Likewise, I never speak on anyone’s behalf save my own. But I am not an influential or well-known public figure, as the Ladies in White are. Nothing I can say will have the repercussions or the significance that any declaration or action by the Ladies could have.

In any event, what’s important is that they, or Berta Soler in this case, have exercised their right to free speech. This is something I stated in my previous article and say again now. Ideally, the Ladies in White would be able to exercise this right in the Cuban media, so that Cubans could freely decide whether or not they identify with their opinions.

One thing many of my readers agree on is that the US blockade is not truly to blame for Cuba’s situation, and that lifting it would not bring significant changes to the country.

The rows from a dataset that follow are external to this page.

(* [psi x] is the limit of [phi (x + n)]. *)
Lemma periodic_approximation phi M X : 0 <= M ->
  (forall x, X <= x -> Rabs (phi (x + 1) - phi x) <= M * decay x) ->
  exists psi, periodic_from X psi /\
    forall x, X <= x -> Rabs (phi x - psi x) <= geom_tail M * decay x.
Proof.
  intros HM Hphi.
  assert (Hlim : forall x, exists l, X <= x -> forall n : nat,
            Rabs (phi (x + INR n) - l) <= geom_tail M * decay (x + INR n)).
  { intros x; destruct (Rle_or_lt X x) as [Hx | Hx].
    - destruct (limit_along_shifts phi M X HM Hphi x Hx) as [l Hl].
      exists l; intros _; exact Hl.
    - exists 0; intros Hx'; lra. }
  destruct (functional_choice _ Hlim) as [psi Hpsi]; exists psi; split.
  - intros x Hx; apply Rminus_diag_uniq.
    apply (eq0_of_decay_bound _ (2 * geom_tail M) (x + 1)); intros n.
    pose proof (Hpsi (x + 1) ltac:(lra) n) as Hnext.
    pose proof (Hpsi x Hx (S n)) as Hcur.
    rewrite S_INR in Hcur; replace (x + (INR n + 1)) with (x + 1 + INR n) in Hcur by ring.
    apply Rabs_le_between in Hnext, Hcur; apply Rabs_le; lra.
  - intros x Hx; pose proof (Hpsi x Hx 0%nat) as Hbase.
    change (INR 0) with 0 in Hbase; rewrite Rplus_0_r in Hbase; exact Hbase.
Qed.

Lemma drift_sum_bound phi L M X : 0 <= M -> periodic_from X L ->
  (forall x, X <= x -> Rabs (phi (x + 1) - phi x - L x) <= M * decay x) ->
  forall x, X <= x -> forall n : nat,
    Rabs (phi (x + INR n) - phi x - INR n * L x) <= geom_tail M * decay x.
Proof.
  intros HM HL Hphi x Hx n.
  set (v := fun k : nat => phi (x + INR k) - INR k * L x).
  assert (Hv : forall j : nat, Rabs (v (S j) - v j) <= M * decay (x + INR j)).
  { intros j; unfold v; rewrite S_INR.
    rewrite <- (periodic_from_nat X L HL j x Hx).
    replace (x + (INR j + 1)) with (x + INR j + 1) by ring.
    eapply Rle_trans; [| apply (Hphi (x + INR j)); pose proof (pos_INR j); lra].
    right; f_equal; ring. }
  replace (phi (x + INR n) - phi x - INR n * L x) with (v (0 + n)%nat - v 0%nat)
    by (unfold v; change (INR 0) with 0; rewrite Nat.add_0_l, Rplus_0_r; ring).
  eapply Rle_trans; [apply (telescoping_decay_bound M x v Hv) |].
  change (INR 0) with 0; rewrite Rplus_0_r.
  pose proof (decay_pos (x + INR (0 + n))); pose proof (geom_tail_nonneg M HM); nra.
Qed.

These readers tend to call it the “embargo”. My apologies, but I’ve been hearing and reading the term “blockade” in our news and our press for far too long to suddenly start saying “embargo” now. It’s difficult. But that’s not the point, the point is determining what repercussions it has on our daily lives.

I confess I am unsure as to what the scope of its consequences is. On the one hand, it is obviously doing something, as successive US administrations have insisted on maintaining it, and the Ladies in White have requested a continuation of these economic pressures on the island.

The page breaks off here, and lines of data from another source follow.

Lemma Fmap_continuous : continuous g -> continuous (Fmap g).
Proof.
  intros Hc u eps Heps.
  destruct (Hc (snd (rep u)) eps Heps) as (d0 & Hd0 & H0).
  destruct (continuous_at_pts g Hc eps Heps) as (d1 & Hd1 & H1).
  exists (Rmin (/ 4) (Rmin d0 d1 / 4)). split.
  { apply Rmin_glb_lt; [lra|]. pose proof (Rmin_glb_lt d0 d1 0 Hd0 Hd1). lra. }
  intros v Hv. rewrite mdist_Fmap. rewrite (mdist_F_rep Y HY) in Hv.
  pose proof (Rmin_l d0 d1). pose proof (Rmin_r d0 d1).
  apply (pglue_pmap_lt _ _ (Rmin d0 d1)); auto.
  - intros y Hy. apply H0. lra.
  - intros t y Hy. apply H1. lra.
Qed.

End FunctorOnMaps.

Lemma Fmap_iter_closed (P : forall Y Z : Met3, (Y -> Z) -> Prop) :
  (forall Y Z : Met3, is_met3 Y -> is_met3 Z -> forall g : Y -> Z, preserves g ->
     P Y Z g -> P (F Y) (F Z) (Fmap g)) ->
  forall n (Y Z : Met3), is_met3 Y -> is_met3 Z -> forall g : Y -> Z, preserves g ->
    P Y Z g -> P (Fiter n Y) (Fiter n Z) (Fmap_iter n g).
Proof.
  intros HP n. induction n; intros Y Z HY HZ g Hg H; simpl; auto.
  apply IHn; auto using F_met3, Fmap_preserves.
Qed.

Lemma Fmap_iter_isometry n (Y Z : Met3) : is_met3 Y -> is_met3 Z ->
  forall g : Y -> Z, preserves g -> isometry g -> isometry (Fmap_iter n g).
Proof. apply (Fmap_iter_closed (fun _ _ g => isometry g)), Fmap_isometry. Qed.

Lemma Fmap_iter_continuous n (Y Z : Met3) : is_met3 Y -> is_met3 Z ->
  forall g : Y -> Z, preserves g -> continuous g -> continuous (Fmap_iter n g).
Proof. apply (Fmap_iter_closed (fun _ _ g => continuous g)), Fmap_continuous. Qed.

Lemma Fmap_iter_tens n (Y Z : Met3) (g : Y -> Z) : is_met3 Y -> is_met3 Z -> preserves g ->
  forall m y, Fmap_iter n g (tens m n y) = tens m n (g y).
Proof.
  revert Y Z g; induction n; intros Y Z g HY HZ Hg m y; simpl; auto.
  rewrite IHn, Fmap_tensor; auto using F_met3, Fmap_preserves.
Qed.

Lemma tens_ext n (Y : Met3) (m m' : nat -> M3) (y : Y) :
  (forall i, (i < n)%nat -> m i = m' i) -> tens m n y = tens m' n y.
Proof.
  revert Y y; induction n; intros Y y H; simpl; auto.
  rewrite (H n) by lia. apply IHn. intros; apply H; lia.
Qed.

Lemma tens_lipschitz n (Y : Met3) : is_met3 Y -> forall m (y y' : Y),
  mdist (tens m n y) (tens m n y') <= (/ 2) ^ n * mdist y y'.
Proof.
  revert Y; induction n; intros Y HY m y y'; simpl; [lra|].
  eapply Rle_trans; [apply IHn, F_met3, HY|].
  pose proof (mdist_tensor Y HY (m n) y y'). pose proof (pow_le (/ 2) n ltac:(lra)).
  replace (/ 2 * (/ 2) ^ n * mdist y y') with ((/ 2) ^ n * (/ 2 * mdist y y')) by ring.
  apply Rmult_le_compat_l; lra.
Qed.

Lemma tens_agree n (Y : Met3) : is_met3 Y -> forall k m m' (y y' : Y),
  (forall i, (i < k)%nat -> m i = m' i) -> (k <= n)%nat ->
  mdist (tens m n y) (tens m' n y') <= (/ 2) ^ k.
Proof.
  revert Y; induction n; intros Y HY k m m' y y' Hm Hk.
  - replace k with 0%nat by lia. apply (mdist_le1 Y HY).
  - destruct (Compare_dec.le_lt_eq_dec _ _ Hk) as [Hlt| ->]; [apply IHn; auto using F_met3; lia|].
    simpl. rewrite (tens_ext n (F Y) m' m) by (intros i Hi; symmetry; apply Hm; lia).
    rewrite (Hm n) by lia.
    eapply Rle_trans; [apply tens_lipschitz, F_met3, HY|].
    pose proof (mdist_tensor Y HY (m' n) y y'). pose proof (mdist_le1 Y HY y y').
    pose proof (pow_le (/ 2) n ltac:(lra)).
    rewrite Rmult_comm. apply Rmult_le_compat_r; lra.
Qed.

Lemma tens_surj n (Y : Met3) (u : Fiter n Y) : exists m y, u = tens m n y.
Proof.
  revert Y u; induction n; intros Y u; [exists (fun _ => ma), u; reflexivity|].
  destruct (IHn (F Y) u) as (m & w & ->).
  exists (fun i => if Nat.eqb i n then fst (rep w) else m i), (snd (rep w)).
  simpl. rewrite Nat.eqb_refl, tensor_rep. apply tens_ext.
  intros i Hi. destruct (Nat.eqb_spec i n); [lia|reflexivity].
Qed.

(** * The spaces [G] and [S] *)

Lemma bang_tensor (t : I) : bang t = tensor (letter t) t.
Proof. destruct t; reflexivity. Qed.

Lemma bang_preserves : preserves bang.
Proof. split; [|split]; reflexivity. Qed.

Lemma bang_isometry : isometry bang.
Proof.
  assert (Hpt : forall t : I, bang t = pt (F I) t) by (intros []; reflexivity).
  intros s t. rewrite !Hpt, (mdist_pt (F I) (F_met3 I I_met3)). destruct s, t; reflexivity.
Qed.

Definition pad (m : nat -> M3) (n : nat) (t : P3) : nat -> M3 :=
  fun i => if Nat.ltb i n then m i else letter t.

Lemma pad_lt m n t i : (i < n)%nat -> pad m n t i = m i.
Proof. intro H. unfold pad. destruct (Nat.ltb_spec i n); [reflexivity|lia]. Qed.

Lemma pad_ge m n t i : (n <= i)%nat -> pad m n t i = letter t.
Proof. intro H. unfold pad. destruct (Nat.ltb_spec i n); [lia|reflexivity]. Qed.

Lemma lift_tens j n m (t : I) : lift j n (tens m n t) = tens (pad m n t) (j + n) t.
Proof.
  induction j; simpl.
  - apply tens_ext. intros; symmetry; apply pad_lt; assumption.
  - rewrite IHj, (Fmap_iter_tens _ I (F I)), bang_tensor, pad_ge by
      (auto using I_met3, F_met3, bang_preserves; lia).
    reflexivity.
Qed.

Lemma tens_cast N N' (E : N = N') m (t : I) :
  eq_rect N (fun N => car (Fiter N I)) (tens m N t) N' E = tens m N' t.
Proof. destruct E; reflexivity. Qed.

Lemma pG_tens_sum n k m m' (t t' : I) :
  pG (Gel n (tens m n t)) (Gel k (tens m' k t')) =
  mdist (tens (pad m n t) (k + n) t) (tens (pad m' k t') (k + n) t').
Proof. unfold pG, Gel. rewrite !lift_tens, tens_cast. reflexivity. Qed.

Lemma mdist_tens_pad_succ N n k m m' (t t' : I) : (n <= N)%nat -> (k <= N)%nat ->
  mdist (tens (pad m n t) (Datatypes.S N) t) (tens (pad m' k t') (Datatypes.S N) t') =
  mdist (tens (pad m n t) N t) (tens (pad m' k t') N t').
Proof.
  intros Hn Hk. simpl. rewrite !pad_ge, <- !bang_tensor by assumption.
  rewrite <- !(Fmap_iter_tens N I (F I)) by auto using I_met3, F_met3, bang_preserves.
  apply Fmap_iter_isometry; auto using I_met3, F_met3, bang_preserves, bang_isometry.
Qed.

Lemma mdist_tens_pad_plus d N n k m m' (t t' : I) : (n <= N)%nat -> (k <= N)%nat ->
  mdist (tens (pad m n t) (d + N) t) (tens (pad m' k t') (d + N) t') =
  mdist (tens (pad m n t) N t) (tens (pad m' k t') N t').
Proof.
  intros Hn Hk. induction d as [|d IH]; [reflexivity|].
  rewrite <- IH. apply mdist_tens_pad_succ; lia.
Qed.

Lemma pG_tens n k m m' (t t' : I) N : (n <= N)%nat -> (k <= N)%nat ->
  pG (Gel n (tens m n t)) (Gel k (tens m' k t')) =
  mdist (tens (pad m n t) N t) (tens (pad m' k t') N t').
Proof.
  intros Hn Hk. rewrite pG_tens_sum.
  rewrite <- (mdist_tens_pad_plus N (k + n)), <- (mdist_tens_pad_plus (k + n) N) by lia.
  rewrite Nat.add_comm. reflexivity.
Qed.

A group of Damas de Blanco.  Photo: Tracey Eaton
A group of Damas de Blanco. Photo: Tracey Eaton

On the other hand, I sometimes ask myself: “how many of our problems are actually caused by the blockade?” History has shown that the Ten Million Ton Harvest (a failed undertaking), the massive failed Havana periphery coffee plantations, the Revolutionary Offensive (which among other things closed all small private businesses), were mistakes plain and simple, and costly ones at that. How did the blockade have to do with these, if anything?

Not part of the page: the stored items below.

(* For any $\mathcal{H}\subseteq\{0,1\}^{\mathcal{X}}$ with $\operatorname{L}(\mathcal{H})=1$ and any time horizon $T$, there exists a deterministic online learner which, under apple tasting feedback, makes at most $1+2\sqrt{T}$ mistakes on any sequence $(x_1,y_1),\dots,(x_T,y_T)$ realizable by $\mathcal{H}$ (i.e. $y_t=h(x_t)$ for all $t$ for some $h\in\mathcal{H}$).
   Context: Apple tasting feedback: in each round the learner receives $x_t\in\mathcal{X}$, predicts $\hat y_t\in\{0,1\}$, and observes the true label $y_t$ only if $\hat y_t=1$; a mistake is a round with $\hat y_t\ne y_t$. The Littlestone dimension $\operatorname{L}(\mathcal{H})$ is the largest $d$ such that there is a complete binary tree of depth $d$ with internal nodes labeled by instances of $\mathcal{X}$ that is shattered by $\mathcal{H}$: for every root-to-leaf path $\sigma\in\{0,1\}^d$ (with $x_i$ the instance at the node reached by prefix $\sigma_1\dots\sigma_{i-1}$) some $h\in\mathcal{H}$ satisfies $h(x_i)=\sigma_i$ for all $i$. *)

From Stdlib Require Import List Arith Reals.
Import ListNotations.

Definition hclass (X : Type) := (X -> bool) -> Prop.

(* A (complete) binary tree with internal nodes labeled by instances: the node
   reached by the prefix p (a list of booleans, root = []) is labeled tr p. *)
Definition ltree (X : Type) := list bool -> X.

Definition shatters {X : Type} (H : hclass X) (d : nat) (tr : ltree X) : Prop :=
  forall sigma : list bool, length sigma = d ->
    exists h, H h /\
      forall i, i < d -> h (tr (firstn i sigma)) = nth i sigma false.

Definition ldim_eq {X : Type} (H : hclass X) (d : nat) : Prop :=
  (exists tr : ltree X, shatters H d tr) /\
  (forall d' (tr : ltree X), shatters H d' tr -> d' <= d).

(* Apple-tasting feedback history: for each past round, the instance together
   with Some y if the learner predicted 1 (label revealed), None if it
   predicted 0 (label not revealed). *)
Definition history (X : Type) := list (X * option bool).

Definition learner (X : Type) := history X -> X -> bool.

Fixpoint mistakes_from {X : Type} (A : learner X) (hist : history X)
    (s : list (X * bool)) : nat :=
  match s with
  | [] => 0
  | (x, y) :: s' =>
      let yh := A hist x in
      (if Bool.eqb yh y then 0 else 1) +
      mistakes_from A (hist ++ [(x, if yh then Some y else None)]) s'
  end.

Definition mistakes {X : Type} (A : learner X) (s : list (X * bool)) : nat :=
  mistakes_from A [] s.

Definition realizable {X : Type} (H : hclass X) (s : list (X * bool)) : Prop :=
  exists h, H h /\ forall p, In p s -> snd p = h (fst p).

(** The learner keeps the version space V of hypotheses consistent with the
    revealed labels.  On x it predicts 0 if no h in V has h x = 1, and 1 if
    at most one h in V has h x = 0.  Otherwise L(H) = 1 leaves a unique h in
    V with h x = 1, and the learner trusts it (predicts 1) only once h has
    been overruled, i.e. has said 1 in a round where the learner said 0, at
    least k = floor (sqrt T) times.  In each hidden round at most one
    hypothesis of V is overruled, so the overrule counts sum to at most the
    number N of hidden rounds.  The false negatives are exactly the A <= k
    overrules of the target, and all false positives but one refute a
    trusted hypothesis overruled k times.  With E such refutations,
    A + k E <= N <= T - E, hence (k+1)(A+E) <= k^2 + T and A + E <= 2 sqrt T. *)

From Stdlib Require Import List Arith Reals.
From Stdlib Require Import Lia Lra Classical ClassicalEpsilon FunctionalExtensionality.
Import ListNotations.

Definition holds (P : Prop) : bool :=
  if excluded_middle_informative P then true else false.

Lemma holdsP (P : Prop) : Bool.reflect P (holds P).
Proof. unfold holds; destruct (excluded_middle_informative P); constructor; auto. Qed.

Definition subsingleton {A : Type} (P : A -> Prop) : Prop :=
  forall a b, P a -> P b -> a = b.

Lemma list_sum_map_add {A : Type} (F G : A -> nat) (l : list A) :
  list_sum (map (fun a => F a + G a) l) = list_sum (map F l) + list_sum (map G l).
Proof. induction l as [|a l IH]; simpl in *; lia. Qed.

Lemma list_sum_map_ge {A : Type} (k : nat) (F : A -> nat) (l : list A) :
  (forall a, In a l -> k <= F a) -> k * length l <= list_sum (map F l).
Proof.
  induction l as [|a l IH]; intros HF; simpl; [lia|].
  assert (k <= F a) by (apply HF; left; reflexivity).
  assert (k * length l <= list_sum (map F l)) by (apply IH; intros b Hb; apply HF; right; exact Hb).
  lia.
Qed.

Lemma list_sum_indicator_le_1 {A : Type} (P : A -> Prop) (l : list A) :
  NoDup l -> subsingleton P -> list_sum (map (fun a => Nat.b2n (holds (P a))) l) <= 1.
Proof.
  intros Hl HP; induction Hl as [|a l Ha Hl IH]; simpl; [lia|].
  destruct (holdsP (P a)) as [Pa|]; simpl; [|exact IH].
  enough (list_sum (map (fun b => Nat.b2n (holds (P b))) l) = 0) by lia.
  clear IH Hl; induction l as [|b l IHl]; simpl; [reflexivity|].
  destruct (holdsP (P b)) as [Pb|]; simpl.
  - rewrite (HP a b Pa Pb) in Ha; simpl in Ha; tauto.
  - apply IHl; simpl in Ha; tauto.
Qed.

Lemma functions_differ {A B : Type} (f g : A -> B) : f <> g -> exists a, f a <> g a.
Proof.
  intros Hfg; apply not_all_ex_not; intros Heq.
  apply Hfg, functional_extensionality, Heq.
Qed.

Lemma le_two_sqrt T n :
  (Nat.sqrt T + 1) * n <= Nat.sqrt T * Nat.sqrt T + T -> (INR n <= 2 * sqrt (INR T))%R.
Proof.
  intros Hn; destruct (Nat.sqrt_spec T (Nat.le_0_l T)) as [Hlo Hhi].
  set (k := Nat.sqrt T) in *; set (r := sqrt (INR T)).
  assert (Hr : (r * r = INR T)%R) by (apply sqrt_sqrt, pos_INR).
  assert (Hkr : (INR k <= r)%R).
  { rewrite <- (sqrt_square (INR k)) by apply pos_INR.
    apply sqrt_le_1_alt; rewrite <- mult_INR; apply le_INR, Hlo. }
  assert (Hrk : (r < INR k + 1)%R).
  { rewrite <- (sqrt_square (INR k + 1)) by (pose proof (pos_INR k); lra).
    apply sqrt_lt_1_alt; split; [apply pos_INR|].
    replace (INR k + 1)%R with (INR (S k)) by (rewrite S_INR; reflexivity).
    rewrite <- mult_INR; apply lt_INR, Hhi. }
  apply le_INR in Hn; rewrite mult_INR, !plus_INR, mult_INR in Hn; simpl in Hn.
  pose proof (pos_INR k).
  (* 2 r (k + 1) - (k^2 + r^2) = 2 r - (r - k)^2 >= 0 since 0 <= r - k < 1. *)
  apply Rmult_le_reg_l with (INR k + 1)%R; nra.
Qed.

Section LittlestoneOne.

Variables (X : Type) (H : hclass X).
Hypothesis ldim_le1 : forall d tr, shatters H d tr -> d <= 1.

Definition tree2 (x y z : X) : ltree X :=
  fun p => match p with [] => x | true :: _ => y | false :: _ => z end.

Lemma shatters_tree2 x y z f1 f2 g1 g2 :
  H f1 -> H f2 -> H g1 -> H g2 ->
  f1 x = true -> f2 x = true -> g1 x = false -> g2 x = false ->
  f1 y <> f2 y -> g1 z <> g2 z -> shatters H 2 (tree2 x y z).
Proof.
  intros Hf1 Hf2 Hg1 Hg2 f1x f2x g1x g2x Hy Hz sigma Hsigma.
  destruct sigma as [|b0 [|b1 [|b2 rest]]]; simpl in Hsigma; try lia.
  assert (Hpick : forall (h1 h2 : X -> bool) w, h1 w <> h2 w -> h1 w = b1 \/ h2 w = b1).
  { intros h1 h2 w Hw; destruct (h1 w), (h2 w), b1; auto; congruence. }
  destruct b0.
  - destruct (Hpick f1 f2 y Hy) as [Hb|Hb];
      [exists f1|exists f2]; split; auto; intros [|[|i]] Hi; simpl; auto; lia.
  - destruct (Hpick g1 g2 z Hz) as [Hb|Hb];
      [exists g1|exists g2]; split; auto; intros [|[|i]] Hi; simpl; auto; lia.
Qed.

(* Two distinct hypotheses on each side of x would shatter a tree of depth 2. *)
Lemma positives_subsingleton (V : (X -> bool) -> Prop) x :
  (forall g, V g -> H g) ->
  ~ subsingleton (fun g => V g /\ g x = false) ->
  subsingleton (fun g => V g /\ g x = true).
Proof.
  intros HV Hneg f1 f2 [Vf1 f1x] [Vf2 f2x]; apply NNPP; intros Hf.
  apply Hneg; intros g1 g2 [Vg1 g1x] [Vg2 g2x]; apply NNPP; intros Hg.
  destruct (functions_differ f1 f2 Hf) as [y Hy].
  destruct (functions_differ g1 g2 Hg) as [z Hz].
  enough (2 <= 1) by lia.
  apply (ldim_le1 2 (tree2 x y z)), shatters_tree2 with f1 f2 g1 g2; auto.
Qed.

End LittlestoneOne.

Section Runs.

Variables (X : Type) (A : learner X) (target : X -> bool).

Inductive generated : history X -> Prop :=
| generated_nil : generated []
| generated_snoc hist x : generated hist ->
    generated (hist ++ [(x, if A hist x then Some (target x) else None)]).

Definition false_negative (e : X * option bool) : bool :=
  match snd e with None => target (fst e) | Some _ => false end.

Definition false_positive (e : X * option bool) : bool :=
  match snd e with Some false => true | _ => false end.

Definition hidden (e : X * option bool) : bool :=
  match snd e with None => true | Some _ => false end.

Lemma hidden_false_positive_le (hist : history X) :
  length (filter hidden hist) + length (filter false_positive hist) <= length hist.
Proof.
  induction hist as [|[x [[|]|]] hist IH]; simpl; lia.
Qed.

Lemma mistakes_from_generated hist s :
  generated hist -> (forall p, In p s -> snd p = target (fst p)) ->
  exists F, generated F /\ length F = length hist + length s /\
    mistakes_from A hist s + length (filter false_negative hist)
      + length (filter false_positive hist) =
    length (filter false_negative F) + length (filter false_positive F).
Proof.
  revert hist; induction s as [|[x y] s IH]; intros hist Hgen Hs; simpl.
  - exists hist; repeat split; auto; lia.
  - assert (Hy : y = target x) by exact (Hs (x, y) (or_introl eq_refl)); subst y.
    destruct (IH (hist ++ [(x, if A hist x then Some (target x) else None)]))
      as [F [HF [Hlen Hmis]]].
    + constructor; exact Hgen.
    + intros p Hp; apply Hs; right; exact Hp.
    + exists F; split; [exact HF|]; split.
      * rewrite Hlen, length_app; simpl; lia.
      * rewrite <- Hmis, !filter_app, !length_app.
        simpl; destruct (A hist x); cbn [false_negative false_positive fst snd];
          destruct (target x); simpl; lia.
Qed.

It’s hard to determine, with any degree of exactitude, to what extent the blockade, sorry, the embargo…heck, the blockade, affects the lives of the Cuban people. What I do know is that, while it is still around, this blockade, or embargo, or whatever you want to call it, will continue to be guilty of all our problems, of everything that doesn’t quite work, of all the mistakes made by our leaders.

So, I again ask myself: who stands to benefit from the blockade? Who continue to use it as a pretext for the failure of the economic model they now seek to modernize?

Who will continue to repress and discredit those who oppose the government, claiming that they are at the service of a foreign power? Who truly profits from the petition made by the Ladies in White?

32 thoughts on “Who Profits from the Cuba Blockade?

  • The ones who profit most from the US/Cuba ’embargo are the Cuban-American politicans. Without it, they would be unable to raise any money for their re-elections!

  • (OOPS) * accepting Cuban doctors does not mean they have been Cubanised. Should nations then not accept Cuban doctors? I’m afraid your idea of Venezuela being ‘Cubanised’ only makes sense to you, and maybe some Americans who watch too much Fox news. I’m not going to debate Venezuela with you, and keep my replies minimal on here (against my better judgement–i only opened an account on here because 1 of your comments annoyed me!) as I have better things to do than endlessly, pointlessly argue on comments pages on the internet which achieve nothing and are ultimately a waste of time!! Write some articles or something man if you stuff to say, clever comments on news stories etc don’t constitute much…as i knew before i joined and now have realised as i write this reply! take this as proof of my defeat by your massive intellect if you like, but trust me its not; rather you have opened my eyes to the banal pointlessness of arguing on the internet!

  • Well we’ll agree to disagree on the embargo and the opening of the markets effect; because what you seem to be saying is that the Castro regime will benefit either way with market reforms–the problem with this is that if no political change really comes what then? The USA has been saying for over 50 years that the embargo is the right policy at the moment, but it still hasn’t brought any benefits to the average Cuban has it?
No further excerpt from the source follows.